- Vicharius DJ
Komik Indonesia, Lebih Dari Sekedar Nilai Ekonomi

Penggemar komik dan kartun Indonesia di Jakarta punya keasyikan sendiri pada Juni ini. Pasalnya sambil menunggu waktu berbuka puasa mereka bisa melihat berbagai karya visual itu di kampus Institut Kesenian Jakarta (IKJ). Mulai Kamis petang (25/6), karya visual yang terangkum dalam pameran bertajuk 28IKINI itu dibuka resmi oleh Rektor IKJ Wagiono Sunarto di Galeri Cipta III, Taman Ismail Marzuki (TIM). Kegiatan akan berlangsung hingga 4 Juli mendatang.
Selain pameran, diselenggarakan juga beberapa kegiatan lain. Pada Sabtu (27/6) akan digelar diskusi santai komik kampus dengan tema Komik di IKJ dalam Perkembangan Pemikiran Masyarakat. Di hari yang sama juga ada peluncuran buku Sepanel Tiga Hati. Buku kompilasi komik ini adalah hasil karya mahasiswa Desain Komunikasi Visual Fakultas Seni Rupa IKJ. Keesokan harinya, Minggu (28/6), akan digelar workshop komik strip dan peluncuran buku Sapa Suru Datang Jakarta karya Tantio Adjie.
Workshop dipandu komikus ternama Muhammad “Mice” Misrad dan Muhammad Reza “Komikazer” Mustar. Komikazer akan kembali hadir di Galeri Cipta 3 dalam Diskusi, Temu Alumni, dan Revitalisasi Sekte Komik, 4 Juli mendatang. Pembicara lainnya adalah Alfie Zackyelle.

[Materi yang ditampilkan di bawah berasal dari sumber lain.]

Record fact := Fact { frel : Rel sg; fargs : tup frel }.
Definition instance := fact -> Prop.

Definition Adom (I : instance) (v : D) : Prop :=
  exists f i, I f /\ tnth (fargs f) i = v.

Definition subinst (I J : instance) : Prop := forall f, I f -> J f.

Definition upd (env : nat -> D) (x : nat) (d : D) : nat -> D :=
  fun y => if y == x then d else env y.

(* Standard Tarskian semantics; quantifiers range over the value domain D. *)
Fixpoint holds (I : instance) (env : nat -> D) (p : formula) : Prop :=
  match p with
  | FAtom r xs => I (@Fact r (map_tuple env xs))
  | FEq a b => env a = env b
  | FTrue => True
  | FFalse => False
  | FNot p => ~ holds I env p
  | FAnd p q => holds I env p /\ holds I env q
  | FOr p q => holds I env p \/ holds I env q
  | FImp p q => holds I env p -> holds I env q
  | FEx x p => exists d, holds I (upd env x d) p
  | FAll x p => forall d, holds I (upd env x d) p
  end.

Definition models (I : instance) (p : formula) : Prop :=
  forall env, holds I env p.

Definition cq_holds (I : instance) (q : bcq) : Prop :=
  exists env : nat -> D, forall a, List.In a (cq_atoms q) ->
    I (@Fact (projT1 a) (map_tuple env (projT2 a))).

End Formulas.

Definition atleast (T : Type) (j : nat) (P : T -> Prop) : Prop :=
  exists s : list T, List.length s = j /\ List.NoDup s /\ forall x, List.In x s -> P x.
Definition atmost (T : Type) (k : nat) (P : T -> Prop) : Prop :=
  exists s : list T, List.length s <= k /\ forall x, P x -> List.In x s.

Record schema := Schema {
  ssig : signature;
  Meth : finType;
  mrel : Meth -> Rel ssig;
  minp : forall m : Meth, {set 'I_(@arity ssig (mrel m))};
  mbound : Meth -> option nat;
  mbound_pos : forall m k, mbound m = Some k -> 0 < k;
  constraints : list (formula ssig);
  constraints_sentences : forall p, List.In p constraints -> sentence p
}.

Section Access.
Variable Sch : schema.
Variable D : Type.

Local Notation sg := (ssig Sch).
Local Notation tupm m := (@tup sg D (mrel m)).
Local Notation inst := (@instance sg D).

Definition binding (m : Meth Sch) :=
  {ffun {i : 'I_(@arity sg (mrel m)) | i \in minp m} -> D}.

Definition binding_in (P : D -> Prop) m (b : binding m) : Prop :=
  forall i, P (b i).

Definition matching (I : inst) m (b : binding m) (t : tupm m) : Prop :=
  I (@Fact sg D (mrel m) t) /\ forall i, tnth t (val i) = b i.

Definition valid_output (I : inst) m (b : binding m) (J : tupm m -> Prop) : Prop :=
  (forall t, J t -> matching I b t) /\
  match mbound m with
  | None => forall t, matching I b t -> J t
  | Some k => atmost k J /\
              forall j, j <= k -> atleast j (matching I b) -> atleast j J
  end.

Definition selection := forall m : Meth Sch, binding m -> tupm m -> Prop.

Definition valid_selection (I : inst) (sigma : selection) : Prop :=
  forall m (b : binding m), binding_in (Adom I) b -> valid_output I b (sigma m b).

Fixpoint AccPart (sigma : selection) (n : nat) : inst :=
  match n with
  | 0 => fun _ => False
  | n.+1 => fun f => exists m (b : binding m) (t : tupm m),
       binding_in (Adom (AccPart sigma n)) b /\ sigma m b t /\
       f = @Fact sg D (mrel m) t
  end.

Definition accessible_of (sigma : selection) : inst :=
  fun f => exists n, AccPart sigma n f.

Definition is_accessible_part (I A : inst) : Prop :=
  exists sigma, valid_selection I sigma /\
    forall f, A f <-> accessible_of sigma f.

Definition satisfies (I : inst) : Prop :=
  forall p, List.In p (constraints Sch) -> models I p.

Definition AMonDet (Q : bcq sg) : Prop :=
  forall I1 I2 : inst, satisfies I1 -> satisfies I2 ->
    (exists A1 A2, is_accessible_part I1 A1 /\ is_accessible_part I2 A2 /\
                   subinst A1 A2) ->
    cq_holds I1 Q -> cq_holds I2 Q.

Definition access_valid (I1 Iacc : inst) : Prop :=
  subinst Iacc I1 /\
  forall m (b : binding m), binding_in (Adom Iacc) b ->
    exists J : tupm m -> Prop,
      (forall t, J t -> Iacc (@Fact sg D (mrel m) t)) /\ valid_output I1 b J.

End Access.

From mathcomp Require Import all_boot zify.
From Stdlib Require Import List Classical ClassicalEpsilon.

Set Implicit Arguments.
Unset Strict Implicit.
Unset Printing Implicit Defensive.

(* An accessible part A of I1 lying inside an accessible part of I2 is itself a
   common subinstance of I1 and I2, and it is access-valid in I1: a binding
   over Adom(A) uses finitely many values, all accessible at some finite stage,
   so the outputs the selection returns for it are again in A.
   Conversely, given a common subinstance Iacc that is access-valid in I1,
   answer each access over Adom(Iacc) in I1 by an output lying inside Iacc.
   In I2 these tuples are still matching and within the result bound, so they
   can be padded to a valid output of I2. By induction on the stages, the
   resulting accessible part of I1 stays inside Iacc and inside the accessible
   part of I2. *)

Section Cardinality.
Variable T : Type.

Lemma atmost_NoDup k (S : T -> Prop) :
  atmost k S -> exists s, NoDup s /\ length s <= k /\ forall x, In x s <-> S x.
Proof.
move=> [c [ck cS]].
have decT (x y : T) : {x = y} + {x <> y} := excluded_middle_informative (x = y).
pose inS x := if excluded_middle_informative (S x) then true else false.
have inSP x : inS x = true <-> S x.
  by rewrite /inS; case: excluded_middle_informative.
have memP x : In x (nodup decT (filter inS c)) <-> S x.
  rewrite nodup_In filter_In inSP; split=> [[] //|Sx]; split=> //; exact: cS.
exists (nodup decT (filter inS c)); split; first exact: NoDup_nodup.
split=> //; apply: leq_trans ck; apply/leP.
by apply: NoDup_incl_length; [exact: NoDup_nodup | move=> x /memP /cS].
Qed.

Komikus Beng Rahadian mengatakan komikus, penerbit buku komik, kolektor komik, bahkan produser film animasi seharusnya tak hanya melihat komik dari benda koleksi, barang dagangan, atau pengaruhnya di dunia ekonomi. Komik merupakan aset kebudayaan bangsa. "Komik adalah aset kebudayaan dan penting. Saya sempat khawatir tentang komik-komik lama kita yang harus kita jaga. Saya pikir dengan adanya kolaborasi budayawan, kolektor, dan komikus, komik Indonesia tak sekadar barang jualan,” kata Beng.
Pengajar IKJ lainnya, Iwan Gunawan, bahkan mengatakan perlunya membuat gerakan mengenal kembali komik di Indonesia. Gerakan itu akan mencari jalan bagaimana agar komik Indonesia dapat dipelihara dan dilestarikan orang. Serta bagaimana agar anak Indonesia mengenal komikus dan komik Indonesia lebih dari referensi yang dia miliki sekarang.
“Kita membutuhkan Pusat Kajian Komik, semoga bisa didirikan di Institut Kesenian Jakarta ini. Kita belum banyak memiliki tulisan tentang komik. Komik pun bisa dikaji secara ilmiah. Buku terjemahan karya Marcel Bonneff misalnya, sudah beredar sejak 1997-an di Indonesia. Ada juga tulisan karya Seno Gumira Ajidarma. Kita bahkan pernah memiliki gerakan komunitas Pengki (Pengumpul Komik IKJ),” ucapnya.